[Saved data entries]
· · · ·

(* The extension system: one row per edge, stored as the pair (i, j) with
   i < j (other pairs give zero rows), and the unknowns x'' k, y'' k, r'' k in
   the columns inl (inl k), inl (inr k), inr k. *)
Definition ext_mat (e : 'I_n * 'I_n) (v : ('I_n + 'I_n) + 'I_n) : R :=
  if edge e.1 e.2 then
    match v with
    | inl (inl k) => (x e.1 - x e.2) * ((k == e.1)%:R - (k == e.2)%:R)
    | inl (inr k) => (y e.1 - y e.2) * ((k == e.1)%:R - (k == e.2)%:R)
    | inr k => - ((r e.1 + r e.2) * ((k == e.1)%:R + (k == e.2)%:R))
    end
  else 0.

Definition ext_rhs (e : 'I_n * 'I_n) : R :=
  if edge e.1 e.2 then
    (r' e.1 + r' e.2) ^+ 2 - ((x' e.1 - x' e.2) ^+ 2 + (y' e.1 - y' e.2) ^+ 2)
  else 0.

Definition ext_kind (v : ('I_n + 'I_n) + 'I_n) : kind :=
  if v is inr k then tkind part r' k else KFree.

Lemma ext_mat_row e (X : ('I_n + 'I_n) + 'I_n -> R) :
  \sum_v ext_mat e v * X v =
  if edge e.1 e.2 then
    (x e.1 - x e.2) * (X (inl (inl e.1)) - X (inl (inl e.2))) +
    (y e.1 - y e.2) * (X (inl (inr e.1)) - X (inl (inr e.2))) -
    (r e.1 + r e.2) * (X (inr e.1) + X (inr e.2))
  else 0.
Proof.
rewrite /ext_mat; case: (edge e.1 e.2); last by rewrite big1 // => v _; rewrite mul0r.
rewrite !big_sumType /=.
have sum_diff (c : R) (f : 'I_n -> R) :
  \sum_k (c * ((k == e.1)%:R - (k == e.2)%:R)) * f k = c * (f e.1 - f e.2).
  under eq_bigr do rewrite -mulrA mulrBl.
  by rewrite -mulr_sumr sumrB !sum_delta.
have sum_add (c : R) (f : 'I_n -> R) :
  \sum_k - (c * ((k == e.1)%:R + (k == e.2)%:R)) * f k = - (c * (f e.1 + f e.2)).
  under eq_bigr do rewrite mulNr -mulrA mulrDl.
  by rewrite sumrN -mulr_sumr big_split /= !sum_delta.
by rewrite !sum_diff sum_add.
Qed.

Lemma extendableE : extendable adj x y r part x' y' r' <->
  exists X, (forall e, \sum_v ext_mat e v * X v = ext_rhs e)
            /\ forall v, sign_ok (ext_kind v) (X v).
Proof.
split=> [[x'' [y'' [r'' [eqs signs]]]]|[X [eqs signs]]].
  exists (fun v => match v with
                   | inl (inl k) => x'' k | inl (inr k) => y'' k | inr k => r'' k end).
  split=> [e|[[k|k]|k] //=].
  rewrite ext_mat_row /ext_rhs; case: ifP => // /andP [_ e_adj].
  exact: eqs.
exists (X \o inl \o inl), (X \o inl \o inr), (X \o inr).
split=> [i j ij_adj|k]; last exact: signs (inr k).
have [lt_ij|lt_ji|/val_inj eq_ij] := ltngtP i j.
- by have := eqs (i, j); rewrite ext_mat_row /ext_rhs /edge /= lt_ij ij_adj.
- have := eqs (j, i); rewrite ext_mat_row /ext_rhs /edge /= lt_ji adj_sym ij_adj /=.
  move=> eq_ji; lra.
- by move: ij_adj; rewrite eq_ij adj_irr.
Qed.

Lemma ext_mat_col_r (W : 'I_n -> 'I_n -> R) k : stress_sym W ->
  \sum_e W e.1 e.2 * ext_mat e (inr k) = - radial_sum adj r W k.
Proof.
move=> W_sym; rewrite /radial_sum -(sum_edges_at k (fun i j => W i j * (r i + r j))).
rewrite -sumrN sum_pairE.
apply: eq_bigr => i _; rewrite -sumrN; apply: eq_bigr => j _.
by rewrite /ext_mat /=; case: edge; rewrite ?mulr0 ?oppr0 // (W_sym j i); ring.
Qed.

Lemma ext_rhs_stress (W : 'I_n -> 'I_n -> R) :
  \sum_e W e.1 e.2 * ext_rhs e =
  - \sum_(i < n) \sum_(j < n | (i < j)%N && adj i j)
      W i j * (((x' i - x' j) ^+ 2 + (y' i - y' j) ^+ 2) - (r' i + r' j) ^+ 2).
Proof.
rewrite sum_pairE -sumrN; apply: eq_bigr => i _.
rewrite -sumrN [RHS]big_mkcond; apply: eq_bigr => j _.
by rewrite /ext_rhs /edge /=; case: (_ && _); rewrite ?mulr0 ?oppr0 //; ring.
Qed.

Lemma ext_dual_stressE (W : 'I_n -> 'I_n -> R) : stress_sym W ->
  (forall v, sign_ok (dual_kind (ext_kind v)) (\sum_e W e.1 e.2 * ext_mat e v))
    /\ \sum_e W e.1 e.2 * ext_rhs e < 0
  <-> equilibrium adj x y W /\ blocks adj x y r part x' y' r' W.
Proof.
move=> W_sym; rewrite ext_rhs_stress oppr_lt0.
have col_x k := sum_edges_diff x k W_sym; have col_y k := sum_edges_diff y k W_sym.
split=> [[cols pos]|[equil [radial pos]]]; split=> //.
- move=> k; rewrite -col_x -col_y.
  by split; [exact: cols (inl (inl k)) | exact: cols (inl (inr k))].
- by split=> // k; have := cols (inr k); rewrite /= ext_mat_col_r // sign_ok_dual_oppr.
- case=> [[k|k]|k].
  + by rewrite /= col_x; exact: (equil k).1.
  + by rewrite /= col_y; exact: (equil k).2.
  + by rewrite ext_mat_col_r // sign_ok_dual_oppr; exact: radial.
Qed.

Lemma blocking_stressE :
  (exists W, [/\ stress_sym W, equilibrium adj x y W & blocks adj x y r part x' y' r' W])
  <-> exists w, (forall v, sign_ok (dual_kind (ext_kind v)) (\sum_e w e * ext_mat e v))
                /\ \sum_e w e * ext_rhs e < 0.
Proof.
split=> [[W [W_sym equil blocked]]|[w [cols rhs_lt0]]].
  by exists (fun e => W e.1 e.2); apply/(ext_dual_stressE W_sym).
pose W (i j : 'I_n) := if (i < j)%N then w (i, j) else w (j, i).
have W_sym : stress_sym W by move=> i j; rewrite /W; case: ltngtP => // /val_inj ->.
have on_edges (F : 'I_n * 'I_n -> R) : (forall e, ~~ edge e.1 e.2 -> F e = 0) ->
    \sum_e w e * F e = \sum_e W e.1 e.2 * F e.
  move=> F0; apply: eq_bigr => -[i j] _ /=.
  have [/andP [lt_ij _]|/(F0 (i, j)) ->] := boolP (edge i j); last by rewrite !mulr0.
  by rewrite /W lt_ij.
have [equil blocked] : equilibrium adj x y W /\ blocks adj x y r part x' y' r' W.
  apply/(ext_dual_stressE W_sym); split=> [v|].
    by rewrite -(on_edges (ext_mat^~ v)) // => e /negbTE; rewrite /ext_mat => ->.
  by rewrite -on_edges // => e /negbTE; rewrite /ext_rhs => ->.
by exists W.
Qed.

Lemma not_extendable_iff_blocked : ~ extendable adj x y r part x' y' r' <->
  exists W, [/\ stress_sym W, equilibrium adj x y W & blocks adj x y r part x' y' r' W].
Proof. by rewrite blocking_stressE -farkas_signed extendableE. Qed.

End StressDuality.

Theorem mainTheorem10 (R : realType) (n : nat) (adj : rel 'I_n)
    (rot : 'I_n -> seq 'I_n) (x y r : 'I_n -> R) (part : 'I_n -> kind) :
  symmetric adj -> irreflexive adj -> rotation_system adj rot ->
  is_packing adj rot x y r ->
  (second_order_rigid adj x y r part <->
   forall x' y' r' : 'I_n -> R,
     proper_flex adj x y r part x' y' r' -> ~ trivial_flex x y x' y' r' ->
     exists w : 'I_n -> 'I_n -> R,
       [/\ stress_sym w, equilibrium adj x y w &
           blocks adj x y r part x' y' r' w]).
Proof.
move=> adj_sym adj_irr _ _.
split=> [rigid x' y' r' proper nontrivial|blocked x' y' r' proper nontrivial].
  exact/(not_extendable_iff_blocked adj_sym adj_irr)/(rigid _ _ _ proper nontrivial).
exact/(not_extendable_iff_blocked adj_sym adj_irr)/(blocked _ _ _ proper nontrivial).
Qed.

· · · ·

- Task statement: Please give back the records exactly as written, beginning at the first line and including the line that holds "(inr k) => (y" as the last.

- Solved problem:
(* The extension system: one row per edge, stored as the pair (i, j) with
   i < j (other pairs give zero rows), and the unknowns x'' k, y'' k, r'' k in
   the columns inl (inl k), inl (inr k), inr k. *)
Definition ext_mat (e : 'I_n * 'I_n) (v : ('I_n + 'I_n) + 'I_n) : R :=
  if edge e.1 e.2 then
    match v with
    | inl (inl k) => (x e.1 - x e.2) * ((k == e.1)%:R - (k == e.2)%:R)
    | inl (inr k) => (y e.1 - y e.2) * ((k == e.1)%:R - (k == e.2)%:R)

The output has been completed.